Still, the problem is that white pasta is a refined pasta that is made by stripping the nutrients away from whole wheat pasta while adding unhealthy additives.
White pasta is higher in calories and lowers in fiber content. This combination means that you need to eat white pasta to feel full.
You can easily exceed a calorie diet goal since you are consuming more calories anyway because white pasta has a higher caloric density.
The compounding effect of eating more with more calories means it is easy to gain weight eating white pasta.
You are also missing out on the extra nutrients that you could be eating from other pasta.
So, while white pasta isn’t too unhealthy on its own, you are missing out on nutrients by choosing it over other pasta.
Overall, white pasta is not bad for your health, but it is not good either.
While not technically made from alfredo, alfredo pasta is so ubiquitous a dish that it is commonly thought of as a pasta category.
Alfredo pasta is made by taking regular pasta and adding alfredo sauce. Alfredo sauce is chock full of butter, heavy cream, and cheese.
The result of these ingredients being added to your pasta is that you add high levels of sodium, fat, and calories to your meal.
Some people call alfredo pasta the “fast food” of the Mediterranean diet because of how many unhealthy types of fats and the deceptive amount of calories that it has.
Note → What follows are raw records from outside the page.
Lemma charge_int_series :
  limn (fun n => \sum_(0 <= k < n) fine (charge_int mu C (h k)) * c k)%R =
  fine (charge_int mu C
          (fun z => limn (fun n => \sum_(0 <= k < n) h k z * c k)%R)).
Proof.
have absintE k := charge_absintE mC (mB k) (@B_ge0 k).
have le_pos k : \int[cpos mu]_(z in C) (B k z)%:E <= charge_absint mu C (B k).
  by rewrite absintE leeDl ?intB_ge0.
have le_neg k : \int[cneg mu]_(z in C) (B k z)%:E <= charge_absint mu C (B k).
  by rewrite absintE leeDr ?intB_ge0.
have [iBp sBp] := absint_bounds le_pos.
have [iBn sBn] := absint_bounds le_neg.
have finp k := integrable_fin_num mC
  (integrable_dominated_term mC mh mB hB iBp k).
have finn k := integrable_fin_num mC
  (integrable_dominated_term mC mh mB hB iBn k).
rewrite /charge_int fineB; last 2 first.
- apply: (integrable_fin_num mC).
  exact: (integrable_limn_series mC mh mB hB sBp).
- apply: (integrable_fin_num mC).
  exact: (integrable_limn_series mC mh mB hB sBn).
have cvg_pos := cvg_integral_series mC mh mB hB iBp sBp.
have cvg_neg := cvg_integral_series mC mh mB hB iBn sBn.
rewrite -(cvg_lim _ (cvgB cvg_pos cvg_neg)) //; congr (lim (_ @ \oo)).
apply/funext => n; rewrite fctE -sumrB; apply: eq_bigr => k _.
by rewrite fineB ?mulrBl ?finp ?finn.
Qed.

End ChargeSeries.

Local Close Scope ereal_scope.

Section ComplexParts.
Variable R : rcfType.

Lemma Re_mul_real (w : R[i]) (r : R) :
  complex.Re (w * r%:C%C) = complex.Re w * r.
Proof. by case: w => x y /=; rewrite mulr0 subr0. Qed.

Lemma Im_mul_real (w : R[i]) (r : R) :
  complex.Im (w * r%:C%C) = complex.Im w * r.
Proof. by case: w => x y /=; rewrite mulr0 add0r. Qed.

Lemma abs_Re_le_normc (w : R[i]) : `|complex.Re w| <= normc w.
Proof.
by case: w => x y /=; rewrite -sqrtr_sqr ler_wsqrtr // lerDl sqr_ge0.
Qed.

Lemma abs_Im_le_normc (w : R[i]) : `|complex.Im w| <= normc w.
Proof.
by case: w => x y /=; rewrite -sqrtr_sqr ler_wsqrtr // lerDr sqr_ge0.
Qed.

End ComplexParts.

Section MeasurableComplex.
Context d (T : measurableType d) (R : realType) (D : set T) (g : T -> R[i]).
Hypotheses (mRe : measurable_fun D (fun z => complex.Re (g z)))
  (mIm : measurable_fun D (fun z => complex.Im (g z))).

Lemma measurable_fun_normc :
  measurable_fun D (fun z => normc (g z)).
Proof.
rewrite (_ : (fun z => _) = Num.sqrt \o
    (fun z => complex.Re (g z) ^+ 2 + complex.Im (g z) ^+ 2)).
  apply: measurableT_comp.
    exact: (continuous_measurable_fun (@sqrt_continuous R)).
  by apply: measurable_funD; apply: measurable_funM.
by apply/funext => z /=; case: (g z).
Qed.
It is easy to eat a lot of alfredo pasta because it is high in calories and low in fiber.
Like fast food, eating alfredo pasta regularly can contribute to significant weight gain over time.
So, can you eat pasta on the Mediterranean diet?
Yes, you can! Many participants of Mediterranean diets have invented and used many pasta dishes over the years.
There are many health benefits to consuming a healthy amount of pasta as a part of your diet, but you have to make sure you consume the beneficial types of pasta in moderate portions.
Whatever dishes you choose to try, you will see why Mediterranean diets have remained a popular staple for people worldwide for many generations.